Amendments to Unfair Competition Law recognise new types of anti-competitive acts
In Korea, the Unfair Competition Prevention and Trade Secret Protection Act may be used to protect IP rights by preventing unfair methods of competition and the misappropriation of trade secrets. Recent amendments to the act have identified additional types of anti-competitive acts and introduced rewards for those who inform the authorities of such anti-competitive behaviour, among other things. The amendments were promulgated on July 30 2013 and will become effective on January 31 2014.
First, the amendments will introduce a general ‘catch-all’ provision. Article 2(1) of the act defines the types of activities that are considered to be “acts of unfair competition”. Currently, the act lists nine specific activities that may give rise to an unfair competition claim.
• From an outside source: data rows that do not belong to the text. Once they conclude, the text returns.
Definition g_span (f : M -> M) (eps : R) (n : nat) : nat :=
  least_nat (fun m => exists G : seq M,
    [/\ uniq G, (forall y, exists2 x, x \in G & bowen_ball f eps n x y)
      & size G = m]).

Definition o_ent (f : M -> M) : set (nat -> R) :=
  supDM [set b | exists2 eps : R, 0 < eps & b = (fun n => (g_span f eps n)%:R)].

End Dynamics.

From HB Require Import structures.
From mathcomp Require Import all_boot all_order all_algebra.
From mathcomp Require Import all_classical all_reals all_analysis.
From mathcomp Require Import lra.
Set Implicit Arguments.
Unset Strict Implicit.
Unset Printing Implicit Defensive.
Import Order.TTheory GRing.Theory Num.Theory.
Local Open Scope classical_set_scope.
Local Open Scope ring_scope.

(* (1) is purely combinatorial and holds for any covering U of size k and any map:
   a_{f,U} is non-decreasing (truncating words of a subcover of U^{n+1} gives a
   subcover of U^n) and a_{f,U}(n+1) <= k a_{f,U}(n) (extend each word of a
   subcover of U^n by one letter).
   (2) compares coverings with spanning sets.  If U consists of r-balls around a
   finite r-net and 2r <= eps, picking one point in each member of a minimal
   subcover of U^n gives an eps-spanning set, so g_eps <= a_U.  Conversely, the
   itineraries of an (n+1)-step rho-spanning set through a rho-net yield a
   subcover of U^n for the 2rho-balls, so a_U(n) <= k g_rho(n).  Taking the nets
   of radius 1/(m+1) given by compactness, the countable family of the a_U is
   cofinal with {g_eps} in both directions, hence has the same supremum. *)

Lemma least_natP (P : nat -> Prop) : (exists n, P n) ->
  P (least_nat P) /\ forall n, P n -> (least_nat P <= n)%N.
Proof.
move=> exP; rewrite /least_nat; case: pselect => // exP'.
case: ex_minnP => m /asboolP Pm m_min; split => // n Pn; apply: m_min.
exact/asboolP.
Qed.

Section ItineraryCovers.
Variables (R : realType) (M : metricType R) (f : M -> M).
Variables (k : nat) (U : 'I_k -> set M).
Hypothesis U_cover : forall x : M, exists i, U i x.

Definition itin_subcover (n m : nat) : Prop :=
  exists S : {set {ffun 'I_n.+1 -> 'I_k}},
    [/\ (forall t, t \in S -> itin_set f U t !=set0),
        (forall x, exists2 t, t \in S & itin_set f U t x)
      & #|S| = m].

Definition cover_index (x : M) : 'I_k := projT1 (cid (U_cover x)).

Lemma cover_indexP x : U (cover_index x) x.
Proof. exact: projT2 (cid (U_cover x)). Qed.

Definition itinerary (n : nat) (x : M) : {ffun 'I_n.+1 -> 'I_k} :=
  [ffun j : 'I_n.+1 => cover_index (iter j f x)].

Lemma itineraryP n x : itin_set f U (itinerary n x) x.
Proof. by move=> j; rewrite ffunE; exact: cover_indexP. Qed.

Definition realized (n : nat) : {set {ffun 'I_n.+1 -> 'I_k}} :=
  [set t | `[< itin_set f U t !=set0 >]].

Lemma realized_subcover n : itin_subcover n #|realized n|.
Proof.
exists (realized n); split => //.
- by move=> t; rewrite inE => /asboolP.
- move=> x; exists (itinerary n x); last exact: itineraryP.
  by rewrite inE; apply/asboolP; exists x; exact: itineraryP.
Qed.

Lemma a_covP n :
  itin_subcover n (a_cov f U n) /\ forall m, itin_subcover n m -> (a_cov f U n <= m)%N.
Proof. exact: least_natP (ex_intro _ _ (realized_subcover n)). Qed.

Lemma a_cov_le n (S : {set {ffun 'I_n.+1 -> 'I_k}}) :
  (forall t, t \in S -> itin_set f U t !=set0) ->
  (forall x, exists2 t, t \in S & itin_set f U t x) -> (a_cov f U n <= #|S|)%N.
Proof. by move=> S_ne S_cov; apply: (a_covP n).2; exists S. Qed.

Lemma a_cov_le_realized n : (a_cov f U n <= #|realized n|)%N.
Proof. exact: (a_covP n).2 (realized_subcover n). Qed.

(* Truncating the words of a subcover of U^{n+1} gives a subcover of U^n. *)
Lemma a_cov_mono n : (a_cov f U n <= a_cov f U n.+1)%N.
Proof.
have [[S [S_ne S_cov <-]] _] := a_covP n.+1.
pose trunc (t : {ffun 'I_n.+2 -> 'I_k}) : {ffun 'I_n.+1 -> 'I_k} :=
  [ffun j => t (widen_ord (leqnSn _) j)].
have trunc_itin t : itin_set f U t `<=` itin_set f U (trunc t).
  by move=> x t_x j; rewrite ffunE; exact: t_x.
apply: leq_trans (a_cov_le (S := trunc @: S) _ _) (leq_imset_card _ _).
- by move=> _ /imsetP[t tS ->]; have [x t_x] := S_ne _ tS; exists x; exact: trunc_itin.
- move=> x; have [t tS t_x] := S_cov x.
  by exists (trunc t); [exact: imset_f | exact: trunc_itin].
Qed.

(* Extending the words of a subcover of U^n by one letter (in every realized
   way) gives a subcover of U^{n+1} with at most k times as many members. *)
Lemma a_cov_jump n : (a_cov f U n.+1 <= a_cov f U n * k)%N.
Proof.
have [[S [_ S_cov <-]] _] := a_covP n.
pose ext (p : {ffun 'I_n.+1 -> 'I_k} * 'I_k) : {ffun 'I_n.+2 -> 'I_k} :=
  [ffun j : 'I_n.+2 => if (j < n.+1)%N then p.1 (inord j) else p.2].
pose Q := [set p | (p.1 \in S) && `[< itin_set f U (ext p) !=set0 >]].
apply: leq_trans (a_cov_le (S := ext @: Q) _ _) _.
- by move=> t /imsetP[p]; rewrite inE => /andP[_ /asboolP ?] ->.
- move=> x; have [t tS t_x] := S_cov x.
  pose p := (t, cover_index (iter n.+1 f x)).
  have p_x : itin_set f U (ext p) x.
    move=> j; rewrite ffunE /=; case: ifP => jn.
      by have := t_x (inord j); rewrite inordK.
    have -> : (j : nat) = n.+1 by apply/eqP; rewrite eqn_leq -ltnS ltn_ord leqNgt jn.
    exact: cover_indexP.
  exists (ext p) => //; apply: imset_f; rewrite inE; apply/andP; split=> //.
  by apply/asboolP; exists x.
- apply: leq_trans (leq_imset_card _ _) _.
  rewrite -[k in (_ * k)%N]card_ord -cardsT -cardsX.
  by apply: subset_leq_card; apply/fintype.subsetP => p; rewrite !inE => /andP[-> _].
Qed.

(* a_{f,U}(0) <= k m as soon as m > 0 whenever M is inhabited
   (if M is empty, U^0 is empty). *)
Lemma a_cov0_le m : (M -> (0 < m)%N) -> (a_cov f U 0 <= k * m)%N.
Proof.
move=> m_pos; apply: leq_trans (a_cov_le_realized 0) _.
case: m m_pos => [M0|m _].
  rewrite muln0 leqn0 cards_eq0; apply/eqP/setP => t; rewrite !inE.
  by apply/asboolP => -[x _]; have := M0 x.
apply: leq_trans (max_card _) _.
by rewrite card_ffun !card_ord expn1 leq_pmulr.
Qed.

Lemma BJP_a_cov : BJP (fun n => (a_cov f U n)%:R : R).
Proof.
split; first by split => n; rewrite ?ler0n // ler_nat a_cov_mono.
exists k.+1%:R => // n; rewrite -natrM ler_nat mulnC.
exact: leq_trans (a_cov_jump n) (leq_mul _ _).
Qed.

End ItineraryCovers.

Section GrowthOrder.
Variable R : realType.

Lemma leO_trans (a b c : nat -> R) : leO a b -> leO b c -> leO a c.
Proof.
move=> [C1 C1_gt0 ab] [C2 C2_gt0 bc]; exists (C1 * C2); first exact: mulr_gt0.
move=> n; apply: le_trans (ab n) _; rewrite -mulrA ler_wpM2l //; exact: ltW.
Qed.

Lemma le_leO (a b : nat -> R) : (forall n, a n <= b n) -> leO a b.
Proof. by move=> ab; exists 1 => // n; rewrite mul1r. Qed.

(* Two mutually cofinal families have the same upper bounds, hence the same
   supremum in the Dedekind-MacNeille completion. *)
Lemma supDM_cofinal (S T : set (nat -> R)) :
  (forall a, S a -> exists2 b, T b & leO a b) ->
  (forall b, T b -> exists2 a, S a & leO b a) -> supDM S = supDM T.
Proof.
suff upper_sub (A B : set (nat -> R)) :
    (forall a, A a -> exists2 b, B b & leO a b) -> upperO B `<=` upperO A.
  move=> ST TS; rewrite /supDM (_ : upperO S = upperO T) //.
  by apply/seteqP; split; exact: upper_sub.
move=> AB c [c_O c_ub]; split => // a /AB[b /c_ub bc ab]; exact: leO_trans ab bc.
Qed.

End GrowthOrder.

(* A metric space viewed as a pointed topological space, to use the open-cover
   characterization of compactness. *)
Section PointedCopy.
Variables (R : realType) (M : metricType R).

Definition pointed_at (x0 : M) : Type := M.

Variable x0 : M.
HB.instance Definition _ := Topological.copy (pointed_at x0) M.
HB.instance Definition _ := isPointed.Build (pointed_at x0) x0.

Lemma compact_cover_compact : compact [set: M] -> cover_compact [set: pointed_at x0].
Proof. by move=> M_cpt; rewrite -compact_cover. Qed.

End PointedCopy.

Section Spanning.
Variables (R : realType) (M : metricType R) (f : M -> M).

Definition mballs (k : nat) (z : 'I_k -> M) (r : R) : 'I_k -> set M :=
  fun i => [set y | mdist (z i) y < r].

Lemma finite_net : compact [set: M] -> forall r : R, 0 < r ->
  exists k (z : 'I_k -> M), forall x, exists i, mballs z r i x.
Proof.
move=> M_cpt r r_gt0.
have [[x0 _]|M0] := pselect (exists x : M, True); last first.
  by exists 0%N, (fun i : 'I_0 => False_rect M (ltac:(by case: i))) => x; case: M0; exists x.
pose F (x : M) : set (pointed_at x0) := @interior M (ball x r).
have [D _ D_cov] : finite_subset_cover [set: M] F [set: pointed_at x0].
  apply: (compact_cover_compact M_cpt) => [x _|x _]; first exact: (@open_interior M).
  by exists x => //; exact: (open_nbhs_ball x (PosNum r_gt0)).2.
pose s : seq M := finmap.enum_fset D.
exists (size s), (fun i => tnth (in_tuple s) i) => x.
have [y yD y_x] := D_cov x I.
have ys : y \in s by [].
have y_idx : (index y s < size s)%N by rewrite index_mem.
exists (Ordinal y_idx).
rewrite /mballs /= (tnth_nth y) /= nth_index //.
by have := interior_subset y_x; rewrite ballEmdist.
Qed.

Lemma mballs_cover_le k (z : 'I_k -> M) (r r' : R) : r <= r' ->
  (forall x, exists i, mballs z r i x) -> forall x, exists i, mballs z r' i x.
Proof. by move=> rr' z_cov x; have [i zi] := z_cov x; exists i; apply: lt_le_trans rr'. Qed.

Lemma mballs_diam k (z : 'I_k -> M) r i a b :
  mballs z r i a -> mballs z r i b -> mdist a b < r + r.
Proof.
move=> za zb; apply: le_lt_trans (metric_triangle a (z i) b) _.
by rewrite metric_sym; exact: ltrD.
Qed.

Lemma mballs_grow k (z : 'I_k -> M) r s i a b :
  mballs z r i a -> mdist a b < s -> mballs z (r + s) i b.
Proof. by move=> za ab; apply: le_lt_trans (metric_triangle _ a _) _; exact: ltrD. Qed.

Definition spanning (eps : R) (n : nat) (G : seq M) : Prop :=
  forall y, exists2 x, x \in G & bowen_ball f eps n x y.

Lemma undup_spanning eps n G : spanning eps n G -> spanning eps n (undup G).
Proof. by move=> G_span y; have [x xG xy] := G_span y; exists x; rewrite ?mem_undup. Qed.

Lemma g_spanP eps n G : spanning eps n G ->
  (forall G', spanning eps n G' -> (g_span f eps n <= size G')%N) /\
  exists2 G' : seq M, spanning eps n G' & size G' = g_span f eps n.
Proof.
move=> G_span.
have span_ex : exists m, exists G' : seq M,
    [/\ uniq G', spanning eps n G' & size G' = m].
  by exists (size (undup G)), (undup G); split; [exact: undup_uniq | exact: undup_spanning |].
have [[G' [_ G'_span G'_size]] g_min] := least_natP span_ex.
split=> [H H_span|]; last by exists G'.
apply: leq_trans (size_undup H); apply: g_min; exists (undup H).
by split; [exact: undup_uniq | exact: undup_spanning |].
Qed.

(* One point in each member of a minimal subcover of U^n, for U the r-balls
   with 2r <= eps, gives an (n, eps)-spanning set of size at most a_{f,U}(n). *)
Lemma spanning_of_subcover k (z : 'I_k -> M) (r eps : R) n
    (z_cov : forall x, exists i, mballs z r i x) : r + r <= eps ->
  exists2 G, spanning eps n G & (size G <= a_cov f (mballs z r) n)%N.
Proof.
move=> r_eps; have [[S [S_ne S_cov <-]] _] := a_covP f z_cov n.
have [[x0 _]|M0] := pselect (exists x : M, True); last first.
  by exists [::] => // y; case: M0; exists y.
have pick_point t : exists x, t \in S -> itin_set f (mballs z r) t x.
  by case: (boolP (t \in S)) => [/S_ne[x t_x]|_]; [exists x | exists x0].
have [pt ptP] := choice pick_point.
exists [seq pt t | t <- enum S]; last by rewrite size_map cardE.
move=> y; have [t tS t_y] := S_cov y.
exists (pt t); first by apply: map_f; rewrite mem_enum.
move=> j jn; pose j' : 'I_n.+1 := Ordinal (leqW jn).
exact: lt_le_trans (mballs_diam (ptP t tS j') (t_y j')) r_eps.
Qed.

Lemma g_span_le_a_cov k (z : 'I_k -> M) (r eps : R) n
    (z_cov : forall x, exists i, mballs z r i x) : r + r <= eps ->
  (g_span f eps n <= a_cov f (mballs z r) n)%N.
Proof.
move=> r_eps; have [G G_span G_size] := spanning_of_subcover n z_cov r_eps.
exact: leq_trans ((g_spanP G_span).1 G G_span) G_size.
Qed.

Lemma spanning_exists eps n : compact [set: M] -> 0 < eps ->
  exists G, spanning eps n G.
Proof.
move=> M_cpt eps_gt0.
have [k [z z_cov]] := finite_net M_cpt (divr_gt0 eps_gt0 (ltr0Sn _ 1)).
have [G G_span _] := spanning_of_subcover n z_cov
  (ltac:(by rewrite -splitr) : eps / 2 + eps / 2 <= eps).
by exists G.
Qed.

(* The itineraries through a rho-net of the points of an (n+1, rho)-spanning
   set form a subcover of U^n for the 2rho-balls U. *)
Lemma a_cov_le_span k (z : 'I_k -> M) (rho : R) n G
    (z_cov : forall x, exists i, mballs z rho i x) : 0 < rho ->
  spanning rho n.+1 G -> (a_cov f (mballs z (rho + rho)) n <= size G)%N.
Proof.
move=> rho_gt0 G_span; pose w := itinerary f z_cov n.
have z2_cov := mballs_cover_le (ler_wpDl (ltW rho_gt0) (lexx rho)) z_cov.
apply: leq_trans (a_cov_le z2_cov (S := [set t in map w G]) _ _) _.
- move=> t; rewrite inE => /mapP[x _ ->]; exists x => j; rewrite ffunE.
  by apply: mballs_grow (cover_indexP z_cov _) _; rewrite mdistxx.
- move=> y; have [x xG xy] := G_span y; exists (w x); first by rewrite inE map_f.
  move=> j; rewrite ffunE; exact: mballs_grow (cover_indexP z_cov _) (xy j (ltn_ord j)).
- by rewrite cardsE; apply: leq_trans (card_size _) _; rewrite size_map.
Qed.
As a result, other unlawful activities that may be considered as acts of unfair competition, but do not fall within Article 2(1), remain unregulated under the act, despite their negative impact on fair business practices.
The recent amendments have added Article 2(1)(x), which prevents:
“the act of infringing a person’s right to profit from that person’s product, which was the result of considerable effort and investment, without authorisation, through a method that contravenes fair commercial trade practice or the competitive order.”
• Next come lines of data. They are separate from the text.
(* Let $L$ be a frame and $X_L$ its Priestley space with Stone map $\varphi$. (1) For $a\in L$, we have $a=\bigvee\{b\in K(L)\mid b\le a\}$ if and only if $\mathrm{core}\,\varphi(a)$ is dense in $\varphi(a)$. (2) $L$ is an algebraic frame if and only if $X_L$ is an algebraic L-space.
   Context: A frame is a complete lattice satisfying $a\wedge\bigvee S=\bigvee\{a\wedge s\mid s\in S\}$. In a frame $L$, $a\ll b$ means: whenever $b\le\bigvee S$ there is a finite $T\subseteq S$ with $a\le\bigvee T$; $a$ is compact if $a\ll a$, and $K(L)$ is the set of compact elements. $L$ is an algebraic frame if every $a\in L$ satisfies $a=\bigvee\{b\in K(L)\mid b\le a\}$. A Priestley space is a Stone space $X$ with a partial order such that clopen upsets separate points (if $x\not\le y$ there is a clopen upset containing $x$ but not $y$). An L-space is a Priestley space in which the downset of each clopen set is clopen and the closure of each open upset is open. ${\sf ClopUp}(X)$ denotes the set of clopen upsets of $X$. The Priestley space $X_L$ of a frame $L$ is the set of prime filters of $L$ ordered by inclusion, topologized by the subbasis $\{\varphi(a)\}\cup\{X_L\setminus\varphi(a)\}$ ($a\in L$), where $\varphi(a)=\{x\in X_L\mid a\in x\}$; it is an L-space. For an L-space $X$, its spatial part is $Y=\{y\in X\mid {\downarrow}y \text{ is clopen}\}$. A Scott upset of $X$ is a closed upset $F$ with $\min F\subseteq Y$; ${\sf ClopSUp}(X)$ is the set of clopen Scott upsets. For $U\in{\sf ClopUp}(X)$, $\mathrm{core}\,U=\bigcup\{V\in{\sf ClopSUp}(X)\mid V\subseteq U\}$. $X$ is an algebraic L-space if $\mathrm{core}\,U$ is dense in $U$ for every $U\in{\sf ClopUp}(X)$. *)

From HB Require Import structures.
From mathcomp Require Import all_boot all_order.
From mathcomp Require Import boolp classical_sets cardinality topology.
Set Implicit Arguments.
Unset Strict Implicit.
Unset Printing Implicit Defensive.
Local Open Scope classical_set_scope.

Record frame := Frame {
  fcarrier :> Type;
  fle : fcarrier -> fcarrier -> Prop;
  fle_refl : forall a, fle a a;
  fle_trans : forall a b c, fle a b -> fle b c -> fle a c;
  fle_antisym : forall a b, fle a b -> fle b a -> a = b;
  fsup : set fcarrier -> fcarrier;
  fsup_ub : forall S a, S a -> fle a (fsup S);
  fsup_least : forall S b, (forall a, S a -> fle a b) -> fle (fsup S) b;
  fmeet : fcarrier -> fcarrier -> fcarrier;
  fmeet_lel : forall a b, fle (fmeet a b) a;
  fmeet_ler : forall a b, fle (fmeet a b) b;
  fmeet_glb : forall a b c, fle c a -> fle c b -> fle c (fmeet a b);
  fmeet_sup_distr : forall a S,
    fmeet a (fsup S) = fsup [set c | exists2 s, S s & c = fmeet a s]
}.

Section FrameDefs.
Variable L : frame.

Definition ftop : L := fsup setT.
Definition fbot : L := fsup set0.
Definition fjoin (a b : L) : L := fsup [set a; b].

Definition way_below (a b : L) : Prop :=
  forall S : set L, fle b (fsup S) ->
    exists2 T : set L, finite_set T /\ T `<=` S & fle a (fsup T).

Definition compact_el (a : L) : Prop := way_below a a.

Definition KL : set L := [set a | compact_el a].

Definition algebraic_frame : Prop :=
  forall a : L, a = fsup [set b | KL b /\ fle b a].

Definition prime_filter (F : set L) : Prop :=
  [/\ F ftop, ~ F fbot,
      (forall a b, F a -> fle a b -> F b),
      (forall a b, F a -> F b -> F (fmeet a b)) &
      (forall a b, F (fjoin a b) -> F a \/ F b)].
End FrameDefs.

Definition XL (L : frame) := {F : set L | prime_filter F}.

HB.instance Definition _ (L : frame) := gen_eqMixin (XL L).
HB.instance Definition _ (L : frame) := gen_choiceMixin (XL L).

Definition phi (L : frame) (a : L) : set (XL L) := [set x | proj1_sig x a].

Definition XL_subbase (L : frame) : set (set (XL L)) :=
  [set U | exists a : L, U = phi a \/ U = ~` phi a].

HB.instance Definition _ (L : frame) :=
  @isSubBaseTopological.Build (XL L) (set (XL L)) (@XL_subbase L) id.

Definition XL_le (L : frame) (x y : XL L) : Prop :=
  proj1_sig x `<=` proj1_sig y.

Section Spaces.
Variables (X : topologicalType) (le : X -> X -> Prop).

Definition upset (U : set X) : Prop := forall x y, U x -> le x y -> U y.
Definition downset_of (U : set X) : set X := [set y | exists2 x, U x & le y x].

Definition stone_space : Prop :=
  [/\ compact [set: X], hausdorff_space X & totally_disconnected [set: X]].

Definition partial_order : Prop :=
  [/\ (forall x, le x x), (forall x y z, le x y -> le y z -> le x z) &
      (forall x y, le x y -> le y x -> x = y)].

Definition priestley_space : Prop :=
  [/\ stone_space, partial_order &
      forall x y, ~ le x y ->
        exists U : set X, [/\ clopen U, upset U, U x & ~ U y]].

Definition L_space : Prop :=
  [/\ priestley_space,
      (forall U : set X, clopen U -> clopen (downset_of U)) &
      (forall U : set X, open U -> upset U -> open (closure U))].

Definition ClopUp : set (set X) := [set U | clopen U /\ upset U].

Definition spatial_part : set X := [set y | clopen (downset_of [set y])].

Definition minimal_elts (F : set X) : set X :=
  [set x | F x /\ forall y, F y -> le y x -> y = x].

Definition scott_upset (F : set X) : Prop :=
  [/\ closed F, upset F & minimal_elts F `<=` spatial_part].

Definition ClopSUp : set (set X) := [set V | clopen V /\ scott_upset V].

Definition core (U : set X) : set X :=
  \bigcup_(V in [set V | ClopSUp V /\ V `<=` U]) V.

Definition dense_in (A U : set X) : Prop := U `<=` closure A.

Definition algebraic_L_space : Prop :=
  L_space /\ forall U, ClopUp U -> dense_in (core U) U.
End Spaces.

(* Every clopen upset of X_L is phi a for some a, and a point of X_L lies in
   the spatial part exactly when it is a completely prime filter.  If b is
   compact, the minimal points of phi b are completely prime; conversely, if
   all of them are, then b is compact, because by Zorn's lemma every point of
   phi b lies above a minimal one.  Hence the clopen Scott upsets are the phi b
   with b compact, core (phi a) is the union of the phi b with b compact and
   b <= a, and its closure is phi of their join.  As phi reflects the order,
   density of the core in phi a says exactly that a is below this join.  Part
   (2) follows since X_L is an L-space whose clopen upsets are the phi a. *)

From HB Require Import structures.
From mathcomp Require Import all_boot all_order.
From mathcomp Require Import boolp classical_sets cardinality topology.
Local Open Scope classical_set_scope.
Set Implicit Arguments.
Unset Strict Implicit.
The aim of this provision is to provide parties with appropriate means to prevent third parties from engaging in new types of unfair competition. All the civil remedies that are usually available under the act, including injunctive relief and damages, are available for this new claim, but it is not possible to bring a criminal action.
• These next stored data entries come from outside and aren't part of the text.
(* Let $V$ be a complex vector space of dimension $N$, $\underline v=(v_1,\dots,v_N)$ a basis of $V$, $\underline a\in\mathbb R^N$, $\|\cdot\|$ a Hermitian norm on $V$ admitting $\underline v$ as an orthogonal basis, and $\|\cdot\|'$ an arbitrary norm on $V$. Then for every $p\in[1,\infty]$, $$d_p\big(\iota_{\underline v}(\|\cdot\|,\underline a),\iota^1_{\underline v}(\|\cdot\|',\underline a)\big)\le d_\infty(\|\cdot\|,\|\cdot\|')+\log N.$$
   Context: For two norms $\|\cdot\|,\|\cdot\|'$ on $V$ ($\dim V=N$), the successive minima are $\lambda_i(\|\cdot\|,\|\cdot\|')=\sup_{W\in\mathrm{Grass}_i(V)}\inf_{w\in W\setminus\{0\}}\log(\|w\|'/\|w\|)$, $i=1,\dots,N$; for $p\in[1,\infty)$, $d_p(\|\cdot\|,\|\cdot\|')^p=N^{-1}\sum_i|\lambda_i|^p$ and $d_\infty=\max_i|\lambda_i|$. Given a Hermitian norm $\|\cdot\|$ with orthogonal basis $\underline v$ and $\underline a\in\mathbb R^N$, $\iota_{\underline v}(\|\cdot\|,\underline a)$ is the Hermitian norm with orthogonal basis $\underline v$ and $\iota_{\underline v}(\|\cdot\|,\underline a)(v_i)=\|v_i\|e^{-a_i}$. For any norm $\|\cdot\|'$, let $\|\cdot\|^{NA}_{\underline v,\underline a}$ be the non-Archimedean norm $\|\sum\alpha_iv_i\|^{NA}_{\underline v,\underline a}=\max_{i:\alpha_i\ne0}e^{-a_i}$, and define $\iota^1_{\underline v}(\|\cdot\|',\underline a)(w)=\inf\{\sum_j\|w_j\|'\,\|w_j\|^{NA}_{\underline v,\underline a}: w=\sum_j w_j\}$, the infimum over all finite decompositions of $w$ as a sum of vectors of $V$. *)

From HB Require Import structures.
From mathcomp Require Import all_boot all_order all_algebra.
From mathcomp Require Import complex.
From mathcomp Require Import all_classical all_reals.
From mathcomp Require Import sequences exp.
Set Implicit Arguments. Unset Strict Implicit. Unset Printing Implicit Defensive.
Import Order.TTheory GRing.Theory Num.Theory.
Local Open Scope ring_scope.
Local Open Scope classical_set_scope.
Second, monetary incentives will be introduced to encourage the report of anti-competitive acts. The commissioner of the Korean Intellectual Property Office may offer a reward for reporting a party that is causing confusion by using a sign that is identical or similar to another person’s name, trade name, trademark, container or packaging, or any other sign widely known in Korea as a source identifier. This monetary incentive applies only to cases involving registered trademarks.
The new amendments thus recognise the new types of unfair competition that are becoming more prevalent in the marketplace due to the advancement of technology. They also acknowledge that monetary incentives may be needed, in addition to traditional legal remedies, to prevent unfair competition effectively.